Abrid Shine's fresh release The Kung Fu Master ends with the tagline -- Revenge is a dish best served cold. But then the problem with the dish is that it's half-baked. 

After cricket, cops and campus, Shine has chosen kung fu as the key around which  storytelling revolves.

It could well be the first Malayalam film to have explored so much the possibilities of the martial art to tell an ordinary tale of revenge.

The Kung Fu Master seems to have been triggered by the director's passion to unleash a martial arts thriller, a genre that has many cult classics in world cinema. 

The Kung Fu Master review: A revenge drama

In his haste to attempt something novel, the filmmaker seems to have taken the easiest route of depending on a simple and plain storyline.  

The film revolves around the family of Rishi Ram (Jiji Scaria), a 36-year-old kung fu master settled in Uttrakhand. 

His happy and peaceful family life takes a hit when he turns a police informer against Lewis Antony, who heads a criminal gang. 

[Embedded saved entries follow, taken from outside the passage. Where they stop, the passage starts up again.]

(* Let $(\{0,1\}^{\mathbb N},\mathbb B_\Pi,m,\sigma)$ be an ergodic Markov shift over two symbols, $X$ a lexicographic-like random variable, $d\in\mathbb N$, $O=\bigcup_{n=0}^\infty\sigma^{-n}(\{\overline0\})$ with $\overline0=(0,0,\dots)$, and $\widetilde{\mathcal P}^X(d)=\{P\setminus O\mid P\in\mathcal P^X(d)\}\cup\{O\}$. If $P_i,P_j\in\widetilde{\mathcal P}^X(d)$ and $P_i\subseteq C_{a_0}$ for some $a_0\in\{0,1\}$, then either $P_i\cap\sigma^{-1}(P_j)=C_{a_0}\cap\sigma^{-1}(P_j)$ or $m(P_i\cap\sigma^{-1}(P_j))=0$.
   Context: Markov shift over $\{0,1\}$: given a $2\times2$ stochastic matrix $Q=(q_{ij})$ and a stationary probability vector $p$ with positive entries, the system on one-sided sequences $s=(s_0,s_1,\dots)\in\{0,1\}^{\mathbb N}$ with $\sigma$-algebra $\mathbb B_\Pi$ generated by cylinders $C_{a_0\dots a_{n-1}}=\{s:s_i=a_i,i<n\}$, shift $(\sigma s)_j=s_{j+1}$ and $m(C_{a_0\dots a_{n-1}})=p_{a_0}q_{a_0a_1}\cdots q_{a_{n-2}a_{n-1}}$; ergodic means every $\sigma$-invariant set has measure $0$ or $1$. Lexicographic order: $r\prec s$ iff $r_0<s_0$ or there is $k\in\mathbb N$ with $r_i=s_i$ for $i<k$ and $r_k<s_k$. $X$ is lexicographic-like if it is injective on a set of full $m$-measure and for all $s$ and $j,n\in\mathbb N_0$: $X(\sigma^j s)\le X(\sigma^n s)$ iff $\sigma^j s\preceq\sigma^n s$. Ordinal pattern: $(x_0,\dots,x_d)$ has pattern $\pi=(r_0,\dots,r_d)\in\Pi_d$ (permutations of $\{0,\dots,d\}$) if $x_{r_0}\ge\dots\ge x_{r_d}$ and $r_{l-1}>r_l$ whenever $x_{r_{l-1}}=x_{r_l}$. The ordinal partition $\mathcal P^X(d)$ consists of the sets $P_\pi=\{s:(X(\sigma^d s),\dots,X(\sigma s),X(s))\text{ has ordinal pattern }\pi\}$, $\pi\in\Pi_d$. *)

(* classical reals. Symbols 0,1 are encoded as false,true. *)
From Stdlib Require Import Reals List.
Import ListNotations.
Open Scope R_scope.

Definition seqb := nat -> bool.
Definition set := seqb -> Prop.

Definition shift (s : seqb) : seqb := fun k => s (S k).
Definition shiftn (n : nat) (s : seqb) : seqb := fun k => s (n + k)%nat.

Definition cyl (a : list bool) : set :=
  fun s => forall i, (i < length a)%nat -> s i = nth i a false.

Definition bv (b : bool) : nat := if b then 1%nat else 0%nat.

Definition markov_params (Q : bool -> bool -> R) (p : bool -> R) : Prop :=
  (forall i j, 0 <= Q i j) /\ (forall i, Q i false + Q i true = 1) /\
  (forall i, 0 < p i) /\ p false + p true = 1 /\
  (forall j, p false * Q false j + p true * Q true j = p j).

Fixpoint trans_prod (Q : bool -> bool -> R) (a0 : bool) (l : list bool) : R :=
  match l with
  | [] => 1
  | a1 :: l' => Q a0 a1 * trans_prod Q a1 l'
  end.

Definition mcyl (Q : bool -> bool -> R) (p : bool -> R) (a : list bool) : R :=
  match a with
  | [] => 1
  | a0 :: l => p a0 * trans_prod Q a0 l
  end.

(* m-null sets: outer measure (Caratheodory extension from cylinders) is 0 *)
Definition null (Q : bool -> bool -> R) (p : bool -> R) (A : set) : Prop :=
  forall eps, 0 < eps ->
    exists c : nat -> list bool,
      (forall s, A s -> exists n, cyl (c n) s) /\
      (forall N, sum_f_R0 (fun n => mcyl Q p (c n)) N <= eps).

Inductive measurable : set -> Prop :=
  | meas_cyl : forall a, measurable (cyl a)
  | meas_compl : forall A, measurable A -> measurable (fun s => ~ A s)
  | meas_union : forall F : nat -> set, (forall n, measurable (F n)) ->
      measurable (fun s => exists n, F n s)
  | meas_ext : forall A B, measurable A -> (forall s, A s <-> B s) -> measurable B.

Definition ergodic (Q : bool -> bool -> R) (p : bool -> R) : Prop :=
  forall A, measurable A -> (forall s, A s <-> A (shift s)) ->
    null Q p A \/ null Q p (fun s => ~ A s).

Definition lex_lt (r s : seqb) : Prop :=
  exists k, (forall i, (i < k)%nat -> r i = s i) /\ (bv (r k) < bv (s k))%nat.
Definition lex_le (r s : seqb) : Prop := lex_lt r s \/ r = s.

Definition rv_measurable (X : seqb -> R) : Prop :=
  forall c, measurable (fun s => X s <= c).

Definition lexicographic_like (Q : bool -> bool -> R) (p : bool -> R)
    (X : seqb -> R) : Prop :=
  (exists N : set, null Q p N /\
     forall s t, ~ N s -> ~ N t -> X s = X t -> s = t) /\
  (forall s j n, X (shiftn j s) <= X (shiftn n s) <-> lex_le (shiftn j s) (shiftn n s)).

Definition is_perm (d : nat) (r : nat -> nat) : Prop :=
  (forall l, (l <= d)%nat -> (r l <= d)%nat) /\
  (forall l l', (l <= d)%nat -> (l' <= d)%nat -> r l = r l' -> l = l').

Definition has_pattern (d : nat) (x : nat -> R) (r : nat -> nat) : Prop :=
  forall l, (1 <= l <= d)%nat ->
    x (r (l - 1)%nat) >= x (r l) /\
    (x (r (l - 1)%nat) = x (r l) -> (r (l - 1)%nat > r l)%nat).

(* P_pi: (X(sigma^d s), ..., X(sigma s), X(s)) has pattern r, i.e. x_i = X(sigma^(d-i) s) *)
Definition P_pat (X : seqb -> R) (d : nat) (r : nat -> nat) : set :=
  fun s => has_pattern d (fun i => X (shiftn (d - i) s)) r.

Definition Oset : set := fun s => exists n, forall k, shiftn n s k = false.

Definition in_tilde_partition (X : seqb -> R) (d : nat) (A : set) : Prop :=
  (forall s, A s <-> Oset s) \/
  (exists r, is_perm d r /\ forall s, A s <-> (P_pat X d r s /\ ~ Oset s)).

(* Off the set O, the first symbol of a sequence u is 1 exactly when
   sigma u precedes u lexicographically.  Since X orders the orbit of s
   lexicographically, the ordinal pattern of (X(sigma^d s), ..., X(s)) is
   therefore determined by s_0 together with the lexicographic comparisons
   among sigma s, ..., sigma^d s, which are already fixed by the cell of
   sigma s.  So inside C_{a0}, whether s lies in P_i depends only on the cell
   of sigma s: the intersection with sigma^-1 P_j is empty or all of
   C_{a0} ∩ sigma^-1 P_j.  The cell O itself is excluded, as it meets both
   cylinders C_0 and C_1. *)
From Stdlib Require Import Reals List Lia Lra Classical FunctionalExtensionality.
From Stdlib Require Import FinFun.
Import ListNotations.
Open Scope R_scope.

Lemma is_perm_surj d r a : is_perm d r -> (a <= d)%nat -> exists l, (l <= d)%nat /\ r l = a.
Proof.
  intros [Hbound Hinj] Ha.
  assert (Hincl : incl (seq 0 (S d)) (map r (seq 0 (S d)))).
  { apply NoDup_length_incl.
    - apply Injective_map_NoDup_in; [|apply seq_NoDup].
      intros x y Hx Hy E. apply in_seq in Hx; apply in_seq in Hy. apply Hinj; lia.
    - rewrite length_map; lia.
    - intros x Hx. apply in_map_iff in Hx. destruct Hx as [y [<- Hy]].
      apply in_seq in Hy. apply in_seq. specialize (Hbound y). lia. }
  assert (Hin : In a (seq 0 (S d))) by (apply in_seq; lia).
  apply Hincl, in_map_iff in Hin. destruct Hin as [l [E Hl]].
  apply in_seq in Hl. exists l; split; [lia | exact E].
Qed.

Definition ranks_above (x : nat -> R) (a b : nat) : Prop :=
  x a > x b \/ (x a = x b /\ (a > b)%nat).

Lemma ranks_above_trans x a b c :
  ranks_above x a b -> ranks_above x b c -> ranks_above x a c.
Proof.
  unfold ranks_above; intros [H|[H H']] [G|[G G']];
    try (left; lra); right; split; [lra | lia].
Qed.

Lemma ranks_above_iff_le x a b : (b < a)%nat -> (ranks_above x a b <-> x b <= x a).
Proof.
  unfold ranks_above; intros Hba; split; [intros [H|[H _]]; lra|].
  intros H. destruct (Rle_lt_or_eq_dec _ _ H); [left; lra | right; split; [lra | lia]].
Qed.

Lemma ranks_above_iff_lt x a b : (a < b)%nat -> (ranks_above x a b <-> x b < x a).
Proof. unfold ranks_above; intros Hab; split; [intros [H|[_ H]]; [lra | lia] | intros H; left; lra]. Qed.

Lemma has_pattern_iff d x r :
  has_pattern d x r <->
  forall l, (1 <= l <= d)%nat -> ranks_above x (r (l - 1)%nat) (r l).
Proof.
  unfold has_pattern, ranks_above; split; intros H l Hl; specialize (H l Hl).
  - destruct H as [Hge Heq]. destruct (Rge_gt_or_eq_dec _ _ Hge); auto.
  - destruct H as [H|[H H']]; split; intros; auto; lra.
Qed.

Lemma has_pattern_ranks_above d x r l l' :
  has_pattern d x r -> (l < l' <= d)%nat -> ranks_above x (r l) (r l').
Proof.
  rewrite has_pattern_iff; intros Hx [Hll' Hl'].
  induction Hll' as [|l' Hll' IH].
  - specialize (Hx (S l) ltac:(lia)). now replace (S l - 1)%nat with l in Hx by lia.
  - apply (ranks_above_trans _ _ (r l')); [apply IH; lia|].
    specialize (Hx (S l') ltac:(lia)). now replace (S l' - 1)%nat with l' in Hx by lia.
Qed.

Definition same_ranks (d : nat) (x y : nat -> R) : Prop :=
  forall a b, (b < a <= d)%nat -> (x b <= x a <-> y b <= y a).

Lemma has_pattern_le d x y r a b :
  is_perm d r -> has_pattern d x r -> has_pattern d y r ->
  (b < a <= d)%nat -> x b <= x a -> y b <= y a.
Proof.
  intros Hr Hx Hy Hab Hxab.
  destruct (is_perm_surj d r a Hr ltac:(lia)) as [la [Hla <-]].
  destruct (is_perm_surj d r b Hr ltac:(lia)) as [lb [Hlb <-]].
  destruct (Nat.lt_trichotomy la lb) as [Hlt|[<-|Hgt]]; [|lia|].
  - apply ranks_above_iff_le; [lia|]. now apply (has_pattern_ranks_above d).
  - exfalso. assert (Hrk : ranks_above x (r lb) (r la))
      by now apply (has_pattern_ranks_above d).
    rewrite ranks_above_iff_lt in Hrk; lra || lia.
Qed.

Lemma has_pattern_same_ranks d x y r :
  is_perm d r -> has_pattern d x r -> has_pattern d y r -> same_ranks d x y.
Proof.
  intros Hr Hx Hy a b Hab.
  split; [apply (has_pattern_le d x y r) | apply (has_pattern_le d y x r)]; auto.
Qed.

Lemma same_ranks_has_pattern d x y r :
  is_perm d r -> has_pattern d x r -> same_ranks d x y -> has_pattern d y r.
Proof.
  intros [Hbound Hinj] Hx Hxy. rewrite has_pattern_iff in *. intros l Hl.
  specialize (Hx l Hl).
  set (a := r (l - 1)%nat) in *; set (b := r l) in *.
  assert (Ha : (a <= d)%nat) by (apply Hbound; lia).
  assert (Hb : (b <= d)%nat) by (apply Hbound; lia).
  destruct (Nat.lt_trichotomy a b) as [Hlt|[Heq|Hgt]].
  - rewrite ranks_above_iff_lt in *; auto.
    apply Rnot_le_lt. rewrite <- (Hxy b a); [lra | lia].
  - apply Hinj in Heq; lia.
  - rewrite ranks_above_iff_le in *; auto. apply Hxy; auto.
Qed.

Lemma seqb_eq_cons u v : u = v <-> (u 0%nat = v 0%nat /\ shift u = shift v).
Proof.
  split; [now intros ->|]. intros [H0 Hs]. extensionality k. destruct k; auto.
  change (shift u k = shift v k). now rewrite Hs.
Qed.

Lemma lex_lt_cons u v :
  lex_lt u v <-> ((bv (u 0%nat) < bv (v 0%nat))%nat \/
                  (u 0%nat = v 0%nat /\ lex_lt (shift u) (shift v))).
Proof.
  split.
  - intros [[|k] [Hpre Hk]]; [now left | right]. split; [apply Hpre; lia|].
    exists k; split; [intros i Hi; apply Hpre; lia | exact Hk].
  - intros [H|[H [k [Hpre Hk]]]].
    + exists 0%nat; split; [intros; lia | exact H].
    + exists (S k); split; [intros [|i] Hi; [| apply Hpre]; auto; lia | exact Hk].
Qed.

Lemma lex_le_cons u v :
  lex_le u v <-> ((bv (u 0%nat) < bv (v 0%nat))%nat \/
                  (u 0%nat = v 0%nat /\ lex_le (shift u) (shift v))).
Proof. unfold lex_le. rewrite lex_lt_cons, seqb_eq_cons. tauto. Qed.

Lemma lex_lt_not_le u v : lex_lt u v -> ~ lex_le v u.
Proof.
  intros [k [Hpre Hk]] [[k' [Hpre' Hk']] | ->]; [| lia].
  destruct (Nat.lt_trichotomy k k') as [Hlt|[<-|Hgt]].
  - rewrite (Hpre' k Hlt) in Hk; lia.
  - lia.
  - rewrite (Hpre k' Hgt) in Hk'; lia.
Qed.

Lemma exists_first_index (f : nat -> bool) b n :
  f n = b -> exists m, f m = b /\ forall i, (i < m)%nat -> f i = negb b.
Proof.
  revert f; induction n as [|n IH]; intros f Hf.
  - exists 0%nat; split; [exact Hf | intros; lia].
  - destruct (Bool.bool_dec (f 0%nat) b) as [E|E].
    + exists 0%nat; split; [exact E | intros; lia].
    + destruct (IH (fun i => f (S i)) Hf) as [m [Hm Hpre]].
      exists (S m); split; [exact Hm|]. intros [|i] Hi.
      * destruct b, (f 0%nat); simpl in *; congruence.
      * apply Hpre; lia.
Qed.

What happens next is everyone's guess.  

In executing the run-of-the-mill revenge drama, Shine wields his camera to capture the beauty of the Himalayas and its valleys in abundance. 

His actors -- Jiji, Neetha Pillai and Sanoop Dinesh -- display some exceptional kinetic skills as their characters vent out their anger.

The Kung Fu Master review: A revenge drama

Their movements are so fast that the rest of the sequences fail to match their speed.  

Except for the boldness to experiment in choice of themes, The Kung Fu Master is neither above nor below a notch in Abrid's career graph.